=== Supplied information ===

Lemma xder1_V : xder rx 1 s0 (monom [:: V i (L i)]) = kbt k i (L i).
Proof.
have := xder_desc_V (kk := 0) (L_gt0 i); rewrite !subn0 => ->.
by rewrite desc_coef0 mulr1.
Qed.

Lemma xder2_U : xder rx 2 s0 (monom [:: U i (L i)]) =
  - (kc k i (L i) * (kb k i (L i) + kc k i (L i))).
Proof.
have hj : (1 <= L i <= L i)%N by rewrite (L_gt0 i) leqnn.
have hj1 : ((L i).-1 <= L i)%N by exact: leq_pred.
rewrite xderS totder_chain; last by rewrite chain_monomialE /= label_U.
rewrite (sum_chain1 (j0 := L i)) //; last by other_steps_eq0.
rewrite sum_chain_reactions; chain_step_simpl.
have hle : mle (monom [:: U i (L i)]) (monom [:: U i (L i)]) by apply/forallP => t.
rewrite !reaction_coef_release //.
rewrite !(@shift_termE _ _ [:: U i (L i)] [:: U i (L i)] [::] _ _ (perm_refl _)) /=.
rewrite -[totder rx (pvar R s0)]/(xder rx 1 s0) xder1_U.
rewrite !xder_single_eq0 ?label_Y ?label_S ?label_U //; try exact: Y_nonint; try exact: S_nonint.
by rewrite !(add0r, addr0, mul1r); ring.
Qed.

Lemma xder2_V : xder rx 2 s0 (monom [:: V i (L i)]) =
  - (kbt k i (L i) * (kbt k i (L i) + kct k i (L i))).
Proof.
have hj : (1 <= L i <= L i)%N by rewrite (L_gt0 i) leqnn.
have hj1 : ((L i).-1 <= L i)%N by exact: leq_pred.
rewrite xderS totder_chain; last by rewrite chain_monomialE /= label_V.
rewrite (sum_chain1 (j0 := L i)) //; last by other_steps_eq0.
rewrite sum_chain_reactions; chain_step_simpl.
have hle : mle (monom [:: V i (L i)]) (monom [:: V i (L i)]) by apply/forallP => t.
rewrite !reaction_coef_release //.
rewrite !(@shift_termE _ _ [:: V i (L i)] [:: V i (L i)] [::] _ _ (perm_refl _)) /=.
rewrite -[totder rx (pvar R s0)]/(xder rx 1 s0) xder1_V.
rewrite !xder_single_eq0 ?label_Yt ?label_S ?label_V //; try exact: Yt_nonint; try exact: S_nonint.
by rewrite !(add0r, addr0, mul1r); ring.
Qed.
(* [q(l)] occurs in no clause body, so its SCC is [{q(l)}] and [M = 0]; any
   other defined goal is provable, hence positive at [X]. *)
Lemma scc_unitmx : (1%:M - M) \in unitmx.
Proof.
have [[j Ajq]|no_q] := pselect (exists j, A j = inl l).
  by rewrite (scc_M_eq0_of_q Ajq) subr0 unitmx1.
have A_prov k : provable rules s l (A k).
  by case: (defined_provable (scc_enum_mem k).1) => // Akq; case: no_q; exists k.
apply: (irreducible_subinvariant_unitmx (x := fun k => X (A k)) (y := fun k => Y k 0)).
- exact: scc_M_nonneg.
- exact: scc_M_irreducible.
- by move=> k; apply: solution_gt0 (A_prov k) (scc_enum_mem k).1.
- exact: scc_Y_ge0.
- exact: scc_Y_pos (A_prov (Ordinal scc_enum_gt0)).
- by move=> k; rewrite scc_equation.
Qed.

End StronglyConnectedComponent.
End PositiveSolution.

Theorem theorem4 (R : realType) (T N : finType) (rules : seq (rule T N))
    (theta : rule T N -> R) (s : N)
    (Hnoeps : no_eps_rule rules)
    (Hpcfg : is_PCFG rules theta)
    (Huseless : no_useless rules s)
    (Hcons : consistent rules theta s)
    (l : seq T) (Hl : is_prefix rules s l)
    (Xinf : atom T N -> R) (HXinf : least_nonneg_solution rules theta s l Xinf)
    (K : nat) (A : 'I_K -> atom T N) (HS : is_scc_enum rules s l A) :
  let M := scc_M rules theta s l Xinf A in
  let Y := scc_Y rules theta s l Xinf A in
  (1%:M - M) \in unitmx /\
  forall x : 'cV[R]_K, x = M *m x + Y <-> x = invmx (1%:M - M) *m Y.
Proof.
move=> M Y; have [X_sol [X_ge0 _]] := HXinf.
have U : (1%:M - M) \in unitmx := scc_unitmx Hnoeps Hpcfg.2.1 X_sol X_ge0 HS.
by split=> //; apply: eq_fixpoint_invmx.
Qed.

===

- Exercise -
Give again, exactly as written, the lines running from the first line of the data above through the line that contains "other defined goal".

- Answer to the problem -
Lemma xder1_V : xder rx 1 s0 (monom [:: V i (L i)]) = kbt k i (L i).
Proof.
have := xder_desc_V (kk := 0) (L_gt0 i); rewrite !subn0 => ->.
by rewrite desc_coef0 mulr1.
Qed.

Lemma xder2_U : xder rx 2 s0 (monom [:: U i (L i)]) =
  - (kc k i (L i) * (kb k i (L i) + kc k i (L i))).
Proof.
have hj : (1 <= L i <= L i)%N by rewrite (L_gt0 i) leqnn.
have hj1 : ((L i).-1 <= L i)%N by exact: leq_pred.
rewrite xderS totder_chain; last by rewrite chain_monomialE /= label_U.
rewrite (sum_chain1 (j0 := L i)) //; last by other_steps_eq0.
rewrite sum_chain_reactions; chain_step_simpl.
have hle : mle (monom [:: U i (L i)]) (monom [:: U i (L i)]) by apply/forallP => t.
rewrite !reaction_coef_release //.
rewrite !(@shift_termE _ _ [:: U i (L i)] [:: U i (L i)] [::] _ _ (perm_refl _)) /=.
rewrite -[totder rx (pvar R s0)]/(xder rx 1 s0) xder1_U.
rewrite !xder_single_eq0 ?label_Y ?label_S ?label_U //; try exact: Y_nonint; try exact: S_nonint.
by rewrite !(add0r, addr0, mul1r); ring.
Qed.

Lemma xder2_V : xder rx 2 s0 (monom [:: V i (L i)]) =
  - (kbt k i (L i) * (kbt k i (L i) + kct k i (L i))).
Proof.
have hj : (1 <= L i <= L i)%N by rewrite (L_gt0 i) leqnn.
have hj1 : ((L i).-1 <= L i)%N by exact: leq_pred.
rewrite xderS totder_chain; last by rewrite chain_monomialE /= label_V.
rewrite (sum_chain1 (j0 := L i)) //; last by other_steps_eq0.
rewrite sum_chain_reactions; chain_step_simpl.
have hle : mle (monom [:: V i (L i)]) (monom [:: V i (L i)]) by apply/forallP => t.
rewrite !reaction_coef_release //.
rewrite !(@shift_termE _ _ [:: V i (L i)] [:: V i (L i)] [::] _ _ (perm_refl _)) /=.
rewrite -[totder rx (pvar R s0)]/(xder rx 1 s0) xder1_V.
rewrite !xder_single_eq0 ?label_Yt ?label_S ?label_V //; try exact: Yt_nonint; try exact: S_nonint.
by rewrite !(add0r, addr0, mul1r); ring.
Qed.
(* [q(l)] occurs in no clause body, so its SCC is [{q(l)}] and [M = 0]; any
   other defined goal is provable, hence positive at [X]. *)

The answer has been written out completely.